Task instructions:
From the records below, copy out exactly the lines from the one containing "by congr mx2; apply/eqP; rewrite eq_complex /=;" to the one containing "0 < beta ->", both included. Add nothing else.

Stored data entries:
(* Let $\rho_1,\rho_2\in\mathbb{M}_2(\mathbb{C})$ be any two non-maximally mixed (NMM) thermal states. Then there exists $\Lambda\in SL(2,\mathbb{C})$ such that the action described below maps $\rho_1$ to $\rho_2$. Explicitly: writing $\rho_1=e^{-\beta H_1}/\mathrm{tr}(e^{-\beta H_1})$ and $\rho_2=e^{-\beta H_2}/\mathrm{tr}(e^{-\beta H_2})$ with a common $\beta>0$ and Hermitian $H_a$ having spectrum $\{0,\epsilon_a\}$, $\epsilon_a>0$, there is $\Lambda\in SL(2,\mathbb{C})$ with $$\rho_2=\frac{e^{-\beta(\Lambda H_1\Lambda^* )}}{\mathrm{tr}\big(e^{-\beta(\Lambda H_1\Lambda^* )}\big)}.$$
   Context: $\mathbb{M}_2(\mathbb{C})$ denotes the $2\times2$ complex matrices, $\Lambda^*$ the conjugate transpose, $\mathbb{1}_2$ the identity. A thermal state on $\mathbb{M}_2(\mathbb{C})$ is a density matrix of the Gibbs form $\rho=e^{-\beta H}/\mathrm{tr}(e^{-\beta H})$ with $\beta>0$ and $H$ Hermitian; it is non-maximally mixed (NMM) if $\rho\neq\frac12\mathbb{1}_2$. Every such $\rho$ can, for any prescribed $\beta>0$, be written in this form with a unique Hermitian $H$ whose spectrum is $\{0,\epsilon\}$ with $\epsilon>0$. The action of $\Lambda\in SL(2,\mathbb{C})$ on NMM thermal states is defined using this normalized $H$: $e^{-\beta H}/\mathrm{tr}(e^{-\beta H})\mapsto e^{-\beta(\Lambda H\Lambda^* )}/\mathrm{tr}(e^{-\beta(\Lambda H\Lambda^* )})$. *)

From HB Require Import structures.
From mathcomp Require Import all_boot all_order all_algebra.
From mathcomp Require Import all_classical all_reals all_analysis.
From mathcomp.real_closed Require Import complex.
Set Implicit Arguments. Unset Strict Implicit. Unset Printing Implicit Defensive.
Import Order.TTheory GRing.Theory Num.Theory.
Import numFieldNormedType.Exports.
Local Open Scope ring_scope.
Local Open Scope complex_scope.

Section Thermal.
Variable R : realType.
Local Notation C := (R[i]).

Definition adjmx (A : 'M[C]_2) : 'M[C]_2 := (map_mx (@conjc R) A)^T.

Definition herm_mx (A : 'M[C]_2) : Prop := adjmx A = A.

Definition exp_psum (A : 'M[C]_2) (n : nat) : 'M[C]_2 :=
  \sum_(k < n) (k`!%:R)^-1 *: A ^+ k.

Definition mexp (A : 'M[C]_2) : 'M[C]_2 :=
  \matrix_(i < 2, j < 2)
    Complex (limn (fun n => @complex.Re R (exp_psum A n i j)))
            (limn (fun n => @complex.Im R (exp_psum A n i j))).

Definition gibbs (beta : R) (H : 'M[C]_2) : 'M[C]_2 :=
  (\tr (mexp (- (beta%:C) *: H)))^-1 *: mexp (- (beta%:C) *: H).

Definition thermal (rho : 'M[C]_2) : Prop :=
  exists (beta : R) (H : 'M[C]_2), 0 < beta /\ herm_mx H /\ rho = gibbs beta H.

Definition NMM (rho : 'M[C]_2) : Prop := rho <> (2%:R)^-1 *: 1%:M.

Definition spectrum_0_eps (A : 'M[C]_2) (eps : R) : Prop :=
  forall l : C, eigenvalue A l <-> (l = 0 \/ l = eps%:C).

Definition SL2 (L : 'M[C]_2) : Prop := \det L = 1.

End Thermal.

(* A Hermitian 2x2 matrix H with spectrum {0, eps}, eps > 0, has determinant 0
   and trace eps, so it is positive semidefinite of rank one: H = v v^* for a
   nonzero v.  Completing v to a matrix M of determinant 1 with first column v
   gives H = M E11 M^*.  Hence H1 and H2 are both SL(2,C)-congruent to E11, and
   L = M2 M1^-1 satisfies L H1 L^* = H2, so the Gibbs states coincide. *)

From HB Require Import structures.
From mathcomp Require Import all_boot all_order all_algebra.
From mathcomp Require Import all_classical all_reals all_analysis.
From mathcomp.real_closed Require Import complex.
From mathcomp Require Import ring lra.
Import Order.TTheory GRing.Theory Num.Theory.
Set Implicit Arguments.
Unset Strict Implicit.
Unset Printing Implicit Defensive.
Local Open Scope ring_scope.
Local Open Scope complex_scope.

Section TwoByTwo.
Variable R : realType.
Local Notation C := R[i].

Definition mx2 (a b c d : C) : 'M[C]_2 :=
  \matrix_(i < 2, j < 2)
    if i == 0 then (if j == 0 then a else b) else (if j == 0 then c else d).

Lemma mx2_eta (A : 'M[C]_2) : A = mx2 (A 0 0) (A 0 1) (A 1 0) (A 1 1).
Proof.
apply/matrixP => i j; rewrite !mxE.
case: i => [[|[|?]] ?] //; case: j => [[|[|?]] ?] //=.
all: by congr (A _ _); exact: val_inj.
Qed.

Lemma mx2_inj a b c d a' b' c' d' : mx2 a b c d = mx2 a' b' c' d' ->
  [/\ a = a', b = b', c = c' & d = d'].
Proof.
move=> E; have entry i j : mx2 a b c d i j = mx2 a' b' c' d' i j by rewrite E.
by move: (entry 0 0) (entry 0 1) (entry 1 0) (entry 1 1); rewrite !mxE.
Qed.

Lemma mulmx2 a b c d a' b' c' d' : mx2 a b c d *m mx2 a' b' c' d' =
  mx2 (a * a' + b * c') (a * b' + b * d') (c * a' + d * c') (c * b' + d * d').
Proof.
apply/matrixP => i j; rewrite !mxE !big_ord_recl big_ord0 !mxE /=.
by case: i => [[|[|?]] ?] //; case: j => [[|[|?]] ?] //=; rewrite addr0.
Qed.

Lemma adjmx2 a b c d : adjmx (mx2 a b c d) = mx2 a^* c^* b^* d^*.
Proof.
apply/matrixP => i j; rewrite !mxE.
by case: i => [[|[|?]] ?] //; case: j => [[|[|?]] ?] //=.
Qed.

Lemma det_mx2 a b c d : \det (mx2 a b c d) = a * d - b * c.
Proof.
rewrite (expand_det_row _ 0) !big_ord_recl big_ord0 /cofactor !det_mx11 !mxE /=.
by rewrite addr0 !expr0 !mul1r expr1 mulN1r mulrN.
Qed.

Lemma scalar_mx2 l : l%:M = mx2 l 0 0 l.
Proof.
apply/matrixP => i j; rewrite !mxE.
by case: i => [[|[|?]] ?] //; case: j => [[|[|?]] ?] //=.
Qed.

Lemma submx2 a b c d a' b' c' d' : mx2 a b c d - mx2 a' b' c' d' =
  mx2 (a - a') (b - b') (c - c') (d - d').
Proof.
apply/matrixP => i j; rewrite !mxE.
by case: i => [[|[|?]] ?] //; case: j => [[|[|?]] ?] //=.
Qed.

Lemma adjmxM (A B : 'M[C]_2) : adjmx (A *m B) = adjmx B *m adjmx A.
Proof. by rewrite /adjmx map_mxM trmx_mul. Qed.

Lemma adjmx1 : adjmx (1%:M : 'M[C]_2) = 1%:M.
Proof. by rewrite /adjmx map_mx1 trmx1. Qed.

Lemma eigenvalue_det (F : fieldType) n (A : 'M[F]_n) l :
  eigenvalue A l -> \det (A - l%:M) = 0.
Proof.
move/eigenvalueP=> [v Av v_neq0]; apply/eqP/det0P; exists v => //.
by rewrite mulmxBr Av mul_mx_scalar subrr.
Qed.

Lemma conjc_fixed (z : C) : z^* = z -> z = (complex.Re z)%:C.
Proof. by case: z => a b [] /= b0; congr (_ +i* _); lra. Qed.

Lemma herm_mx2 (H : 'M[C]_2) : herm_mx H ->
  exists (p r : R) (q : C), H = mx2 p%:C q q^* r%:C.
Proof.
rewrite /herm_mx [in adjmx H](mx2_eta H) adjmx2 [in RHS](mx2_eta H).
move=> /mx2_inj [/conjc_fixed h00 _ h10 /conjc_fixed h11].
exists (complex.Re (H 0 0)), (complex.Re (H 1 1)), (H 0 1).
by rewrite {1}(mx2_eta H) -h00 -h10 -h11.
Qed.

Lemma herm_spectrum_0_eps_entries (H : 'M[C]_2) (eps : R) :
  herm_mx H -> 0 < eps -> spectrum_0_eps H eps ->
  exists p r q1 q2 : R, [/\ p + r = eps, p * r = q1 ^+ 2 + q2 ^+ 2 &
    H = mx2 p%:C (q1 +i* q2) (q1 -i* q2) r%:C].
Proof.
move=> hermH eps_gt0 specH.
have det0 := eigenvalue_det (proj2 (specH 0) (or_introl erefl)).
have det_eps := eigenvalue_det (proj2 (specH eps%:C) (or_intror erefl)).
have [p [r [[q1 q2] H_eq]]] := herm_mx2 hermH.
move: det0 det_eps; rewrite H_eq !scalar_mx2 !submx2 !det_mx2; simpc.
move=> [det0 _] [det_eps _]; exists p, r, q1, q2; split => //; last by nra.
have /eqP : eps * (eps - (p + r)) = 0 by nra.
by rewrite mulf_eq0 (gt_eqF eps_gt0) subr_eq0 => /eqP.
Qed.

Definition outermx (a b : C) : 'M[C]_2 :=
  mx2 (a * a^*) (a * b^*) (b * a^*) (b * b^*).

Lemma herm_det0_outermx (p r q1 q2 : R) :
  0 < p + r -> p * r = q1 ^+ 2 + q2 ^+ 2 ->
  exists a b : C, ((a != 0) || (b != 0)) /\
    mx2 p%:C (q1 +i* q2) (q1 -i* q2) r%:C = outermx a b.
Proof.
move=> tr_gt0 det0.
have [p_gt0 | p_le0] := ltrP 0 p.
  pose s := Num.sqrt p.
  have s_gt0 : 0 < s by rewrite sqrtr_gt0.
  have ss : s * s = p by rewrite -expr2 sqr_sqrtr // ltW.
  exists (s +i* 0), ((q1 / s) -i* (q2 / s)); split.
    by rewrite eq_complex /= gt_eqF.
  have r_eq : r = (q1 ^+ 2 + q2 ^+ 2) / (s * s).
    by rewrite ss -det0; field; rewrite gt_eqF.
  rewrite /outermx r_eq -ss; simpc.
  by congr mx2; apply/eqP; rewrite eq_complex /=; apply/andP; split;
    apply/eqP; field; rewrite gt_eqF.
have p0 : p = 0 by apply/le_anti; rewrite p_le0 /=; nra.
have [q10 q20] : q1 = 0 /\ q2 = 0 by split; nra.
have r_gt0 : 0 < r by move: tr_gt0; rewrite p0 add0r.
pose s := Num.sqrt r.
have s_gt0 : 0 < s by rewrite sqrtr_gt0.
have ss : s * s = r by rewrite -expr2 sqr_sqrtr // ltW.
exists 0, (s +i* 0); split.
  by rewrite !eq_complex /= (gt_eqF s_gt0) orbT.
rewrite /outermx p0 q10 q20 -ss; simpc.
by congr mx2; apply/eqP; rewrite eq_complex /= ?eqxx.
Qed.

Lemma mulmx_E11_adjmx (M : 'M[C]_2) :
  M *m mx2 1 0 0 0 *m adjmx M = outermx (M 0 0) (M 1 0).
Proof.
rewrite [in LHS](mx2_eta M) adjmx2 !mulmx2 /outermx.
by congr mx2; ring.
Qed.

Lemma sl2_first_column (a b : C) : (a != 0) || (b != 0) ->
  exists M : 'M[C]_2, [/\ \det M = 1, M 0 0 = a & M 1 0 = b].
Proof.
have [-> /= b_neq0 | a_neq0 _] := eqVneq a 0.
  exists (mx2 0 (- b^-1) b 0).
  by rewrite det_mx2 !mxE mulNr mulVf // mul0r sub0r opprK.
by exists (mx2 a 0 b a^-1); rewrite det_mx2 !mxE mulfV // mul0r subr0.
Qed.

Lemma herm_spectrum_0_eps_E11 (H : 'M[C]_2) (eps : R) :
  herm_mx H -> 0 < eps -> spectrum_0_eps H eps ->
  exists M : 'M[C]_2, \det M = 1 /\ H = M *m mx2 1 0 0 0 *m adjmx M.
Proof.
move=> hermH eps_gt0 specH.
have [p [r [q1 [q2 [tr_eq det_eq ->]]]]] :=
  herm_spectrum_0_eps_entries hermH eps_gt0 specH.
have tr_gt0 : 0 < p + r by rewrite tr_eq.
have [a [b [ab_neq0 ->]]] := herm_det0_outermx tr_gt0 det_eq.
have [M [detM M00 M10]] := sl2_first_column ab_neq0.
by exists M; rewrite mulmx_E11_adjmx M00 M10.
Qed.

End TwoByTwo.

Theorem proposition2 (R : realType) (rho1 rho2 : 'M[complex R]_2)
  (beta : R) (H1 H2 : 'M[complex R]_2) (eps1 eps2 : R) :
  thermal rho1 -> NMM rho1 -> thermal rho2 -> NMM rho2 ->
  0 < beta ->
  herm_mx H1 -> 0 < eps1 -> spectrum_0_eps H1 eps1 -> rho1 = gibbs beta H1 ->
  herm_mx H2 -> 0 < eps2 -> spectrum_0_eps H2 eps2 -> rho2 = gibbs beta H2 ->
  exists L : 'M[complex R]_2,
    SL2 L /\ rho2 = gibbs beta (L *m H1 *m adjmx L).
Proof.
move=> _ _ _ _ _ herm1 eps1_gt0 spec1 _ herm2 eps2_gt0 spec2 ->.
have [M1 [det1 H1_eq]] := herm_spectrum_0_eps_E11 herm1 eps1_gt0 spec1.
have [M2 [det2 H2_eq]] := herm_spectrum_0_eps_E11 herm2 eps2_gt0 spec2.
have M1_unit : M1 \in unitmx by rewrite unitmxE det1 unitr1.
exists (M2 *m invmx M1); split.
  by rewrite /SL2 det_mulmx det_inv det1 det2 invr1 mulr1.
congr gibbs; rewrite H1_eq H2_eq adjmxM !mulmxA.
rewrite -(mulmxA M2 (invmx M1)) mulVmx // mulmx1.
by rewrite -(mulmxA _ (adjmx M1)) -adjmxM mulVmx // adjmx1 mulmx1.
Qed.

Your solution:
  by congr mx2; apply/eqP; rewrite eq_complex /=; apply/andP; split;
    apply/eqP; field; rewrite gt_eqF.
have p0 : p = 0 by apply/le_anti; rewrite p_le0 /=; nra.
have [q10 q20] : q1 = 0 /\ q2 = 0 by split; nra.
have r_gt0 : 0 < r by move: tr_gt0; rewrite p0 add0r.
pose s := Num.sqrt r.
have s_gt0 : 0 < s by rewrite sqrtr_gt0.
have ss : s * s = r by rewrite -expr2 sqr_sqrtr // ltW.
exists 0, (s +i* 0); split.
  by rewrite !eq_complex /= (gt_eqF s_gt0) orbT.
rewrite /outermx p0 q10 q20 -ss; simpc.
by congr mx2; apply/eqP; rewrite eq_complex /= ?eqxx.
Qed.

Lemma mulmx_E11_adjmx (M : 'M[C]_2) :
  M *m mx2 1 0 0 0 *m adjmx M = outermx (M 0 0) (M 1 0).
Proof.
rewrite [in LHS](mx2_eta M) adjmx2 !mulmx2 /outermx.
by congr mx2; ring.
Qed.

Lemma sl2_first_column (a b : C) : (a != 0) || (b != 0) ->
  exists M : 'M[C]_2, [/\ \det M = 1, M 0 0 = a & M 1 0 = b].
Proof.
have [-> /= b_neq0 | a_neq0 _] := eqVneq a 0.
  exists (mx2 0 (- b^-1) b 0).
  by rewrite det_mx2 !mxE mulNr mulVf // mul0r sub0r opprK.
by exists (mx2 a 0 b a^-1); rewrite det_mx2 !mxE mulfV // mul0r subr0.
Qed.

Lemma herm_spectrum_0_eps_E11 (H : 'M[C]_2) (eps : R) :
  herm_mx H -> 0 < eps -> spectrum_0_eps H eps ->
  exists M : 'M[C]_2, \det M = 1 /\ H = M *m mx2 1 0 0 0 *m adjmx M.
Proof.
move=> hermH eps_gt0 specH.
have [p [r [q1 [q2 [tr_eq det_eq ->]]]]] :=
  herm_spectrum_0_eps_entries hermH eps_gt0 specH.
have tr_gt0 : 0 < p + r by rewrite tr_eq.
have [a [b [ab_neq0 ->]]] := herm_det0_outermx tr_gt0 det_eq.
have [M [detM M00 M10]] := sl2_first_column ab_neq0.
by exists M; rewrite mulmx_E11_adjmx M00 M10.
Qed.

End TwoByTwo.

Theorem proposition2 (R : realType) (rho1 rho2 : 'M[complex R]_2)
  (beta : R) (H1 H2 : 'M[complex R]_2) (eps1 eps2 : R) :
  thermal rho1 -> NMM rho1 -> thermal rho2 -> NMM rho2 ->
  0 < beta ->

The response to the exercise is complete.